Si le HPI a un "cerveau brillant qui apprend vite" et lui donne plusieurs années d'avance dans certains domaines (passions, raisonnement), il est "complètement largué" sur le plan émotionnel et social, ce qui fait qu'il a beaucoup de peine à s'intégrer, se sentant profondément différent (et mal compris). Il n'est pas rare qu'il soit harcelé étant jeune, qu'il tombe dans la dépression. A force de vouloir s'adapter, Birdo a fini par faire semblant, n'osant plus être lui-même. A force de "donner aux gens sans réserve", il est devenu celui sur qui on compte tout le temps et c'est épuisant.
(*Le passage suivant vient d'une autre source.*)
(* Let $\eta>0$, $G=(-\eta,1+\eta)\times\mathbb{R}^{n-1}$, and let $\Xi:\mathbb{R}\times\mathbb{R}\times C^2([0,1],\mathbb{R}^{n-1})\to C^2([0,1],\mathbb{R}^n)$ be $\Xi(a,b,u)(t)=((1-t)a+tb,\,u(t))$. Let $p:\Omega([0,1],G)\to\hat{\Omega}([0,1],G)$ be the quotient projection. Then there exist $\delta\in(0,\eta)$ and an open neighborhood $W_5$ of $(0,1,0)$ in $(-\delta,\delta)\times(1-\delta,1+\delta)\times C^2([0,1],\mathbb{R}^{n-1})$ such that $\Xi(W_5)\subseteq\Omega([0,1],G)$, the set $\hat W_5=p\circ\Xi(W_5)$ is open in $\hat{\Omega}([0,1],G)$, and $p\circ\Xi:W_5\to\hat W_5$ is a homeomorphism.
   Context: $\Omega([0,1],G)$ is the space of $C^2$ immersions $[0,1]\to G$ with the $C^2$ topology. $\mathrm{Diff}_2([0,1])$ is the set of $C^2$ diffeomorphisms $\tau$ of $[0,1]$ with $\tau(0)=0$, $\tau(1)=1$; $f\sim g$ iff $f=g\circ\tau$ for some $\tau\in\mathrm{Diff}_2([0,1])$, and $\hat{\Omega}([0,1],G)=\Omega([0,1],G)/\sim$ with the quotient topology. $\mathbb{R}\times\mathbb{R}\times C^2([0,1],\mathbb{R}^{n-1})$ carries the norm $|a|+|b|+\|u\|_{C^2}$. *)

(* concrete reals R.  Maps [0,1] -> R^k are represented as
   f : R -> nat -> R; only the values at t in [0,1] and coordinates i < k
   matter (all notions below only inspect those). *)
From Stdlib Require Import Reals.
Open Scope R_scope.

Definition I01 (t : R) : Prop := 0 <= t <= 1.

Definition has_deriv01 (f f1 : R -> R) : Prop :=
  forall t, I01 t -> forall eps, 0 < eps -> exists del, 0 < del /\
    forall s, I01 s -> s <> t -> Rabs (s - t) < del ->
      Rabs ((f s - f t) / (s - t) - f1 t) < eps.

Definition cont01 (f : R -> R) : Prop :=
  forall t, I01 t -> forall eps, 0 < eps -> exists del, 0 < del /\
    forall s, I01 s -> Rabs (s - t) < del -> Rabs (f s - f t) < eps.

Definition C2data (f f1 f2 : R -> R) : Prop :=
  has_deriv01 f f1 /\ has_deriv01 f1 f2 /\ cont01 f2.

Definition isC2 (f : R -> R) : Prop := exists f1 f2, C2data f f1 f2.

Definition C2vdata (k : nat) (f f1 f2 : R -> nat -> R) : Prop :=
  forall i, (i < k)%nat -> C2data (fun t => f t i) (fun t => f1 t i) (fun t => f2 t i).

Definition isC2v (k : nat) (f : R -> nat -> R) : Prop :=
  exists f1 f2, C2vdata k f f1 f2.

(* g lies in the C^2-ball of radius r around f (sup over t in [0,1],
   coordinates and derivatives of order <= 2; generates the C^2 topology) *)
Definition c2near (k : nat) (f g : R -> nat -> R) (r : R) : Prop :=
  exists f1 f2 g1 g2, C2vdata k f f1 f2 /\ C2vdata k g g1 g2 /\
    forall t i, I01 t -> (i < k)%nat ->
      Rabs (f t i - g t i) < r /\ Rabs (f1 t i - g1 t i) < r /\
      Rabs (f2 t i - g2 t i) < r.

(* G = (-eta, 1+eta) x R^m  inside R^(m+1) (coordinate 0 is the first) *)
Definition inG (eta : R) (x : nat -> R) : Prop := - eta < x 0%nat < 1 + eta.

Definition Omega (m : nat) (eta : R) (f : R -> nat -> R) : Prop :=
  (forall t, I01 t -> inG eta (f t)) /\
  exists f1 f2, C2vdata (S m) f f1 f2 /\
    forall t, I01 t -> exists i, (i < S m)%nat /\ f1 t i <> 0.

Definition Diff2 (tau : R -> R) : Prop :=
  isC2 tau /\ tau 0 = 0 /\ tau 1 = 1 /\ (forall t, I01 t -> I01 (tau t)) /\
  exists sigma, isC2 sigma /\ (forall t, I01 t -> I01 (sigma t)) /\
    (forall t, I01 t -> sigma (tau t) = t /\ tau (sigma t) = t).

Definition reparam (m : nat) (f g : R -> nat -> R) : Prop :=
  exists tau, Diff2 tau /\ forall t i, I01 t -> (i < S m)%nat -> f t i = g (tau t) i.

Definition OmegaOpen (m : nat) (eta : R) (Sset : (R -> nat -> R) -> Prop) : Prop :=
  (forall f, Sset f -> Omega m eta f) /\
  forall f, Sset f -> exists r, 0 < r /\
    forall g, Omega m eta g -> c2near (S m) f g r -> Sset g.

(* subsets of Omega saturated for ~ (= preimages p^{-1}(U) of subsets U of the
   quotient); U is open in the quotient topology iff p^{-1}(U) is OmegaOpen *)
Definition saturated (m : nat) (eta : R) (Sset : (R -> nat -> R) -> Prop) : Prop :=
  forall f g, Sset f -> Omega m eta g -> reparam m g f -> Sset g.

Definition X := (R * R * (R -> nat -> R))%type.

Definition Xnear (m : nat) (w w' : X) (r : R) : Prop :=
  let '(a, b, u) := w in let '(a', b', u') := w' in
  Rabs (a - a') < r /\ Rabs (b - b') < r /\ c2near m u u' r.

Definition inX (m : nat) (w : X) : Prop := let '(_, _, u) := w in isC2v m u.

(* equality of elements of X (u only matters on [0,1], coordinates < m) *)
Definition Xeq (m : nat) (w w' : X) : Prop :=
  let '(a, b, u) := w in let '(a', b', u') := w' in
  a = a' /\ b = b' /\ forall t i, I01 t -> (i < m)%nat -> u t i = u' t i.

Definition XOpen (m : nat) (V : X -> Prop) : Prop :=
  (forall w, V w -> inX m w) /\
  forall w, V w -> exists r, 0 < r /\ forall w', inX m w' -> Xnear m w w' r -> V w'.

Definition Xi (w : X) : R -> nat -> R :=
  let '(a, b, u) := w in
  fun t i => match i with O => (1 - t) * a + t * b | S j => u t j end.

(* p^{-1}(p(Xi(V))) : the saturation of Xi(V) in Omega *)
Definition satImage (m : nat) (eta : R) (V : X -> Prop) (f : R -> nat -> R) : Prop :=
  Omega m eta f /\ exists w, V w /\ reparam m f (Xi w).

(* A curve f in Omega close to Xi(W5) has a first coordinate with positive
   derivative, so tau(t) = (f(t)_0 - f(0)_0) / (f(1)_0 - f(0)_0) is a C^2
   diffeomorphism of [0,1] and f = Xi(f(0)_0, f(1)_0, u) o tau with
   u = (f_1, ..., f_m) o tau^-1.  This normal form inverts p o Xi: it is
   injective because a reparametrisation preserving a non-constant affine
   coordinate is the identity, and p o Xi is continuous because Xi is
   Lipschitz.  Openness amounts to the continuity of the normal form in the
   C^2 topology: when f varies, tau^-1 and its derivatives 1 / tau' o tau^-1
   and - tau'' / tau'^3 o tau^-1 vary uniformly on [0,1], because tau is
   uniformly expanding. *)

From Stdlib Require Import Reals Lra Lia Psatz ClassicalEpsilon.
Open Scope R_scope.

(** * Limits along a nested family *)

(* [C d] plays the role of a neighbourhood of radius [d]; the target [L] may
   depend on the point, so that uniform convergence is a special case. *)
Definition nested {A : Type} (C : R -> A -> Prop) : Prop :=
  forall d d' x, 0 < d -> d <= d' -> C d x -> C d' x.

Definition lim_along {A : Type} (C : R -> A -> Prop) (F L : A -> R) : Prop :=
  forall e, 0 < e -> exists d, 0 < d /\ forall x, C d x -> Rabs (F x - L x) < e.

Lemma nested_Rmin {A : Type} (C : R -> A -> Prop) d1 d2 x :
  nested C -> 0 < d1 -> 0 < d2 -> C (Rmin d1 d2) x -> C d1 x /\ C d2 x.
Proof.
  intros Hm h1 h2 H. assert (h : 0 < Rmin d1 d2) by (apply Rmin_glb_lt; auto).
  split; eapply Hm; eauto; [apply Rmin_l | apply Rmin_r].
Qed.

Lemma lim_along_ext {A : Type} (C : R -> A -> Prop) F G L L' :
  (forall d x, C d x -> F x = G x /\ L x = L' x) -> lim_along C F L -> lim_along C G L'.
Proof.
  intros E H e he. destruct (H e he) as [d [hd Hd]]. exists d; split; auto.
  intros x hx. destruct (E d x hx) as [<- <-]. auto.
Qed.

Lemma lim_along_const {A : Type} (C : R -> A -> Prop) L : lim_along C L L.
Proof.
  intros e he; exists 1; split; [lra|]. intros; rewrite Rminus_diag, Rabs_R0; auto.
Qed.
Son moi se fissure.
Raya présente un autre profil de HPI. Elle peine à maîtriser ses émotions, a le syndrome de l'imposteur, se dévalorisant constamment et doutant d'elle-même. Grâce à leurs longues discussions, elle va réaliser qu'elle n'a pas un trouble: ses facultés sont une ressource lui ouvrant une multitude de possibilités ("Etre surefficient n'est pas un problème. C'est un fonctionnement comme un autre").
La difficulté, c'est d'être 2,2% ("On se sent parfois un peu en décalage")... Mais plutôt que de se fondre dans la masse, ne vaut-il pas mieux s'accepter et se montrer tel que l'on est?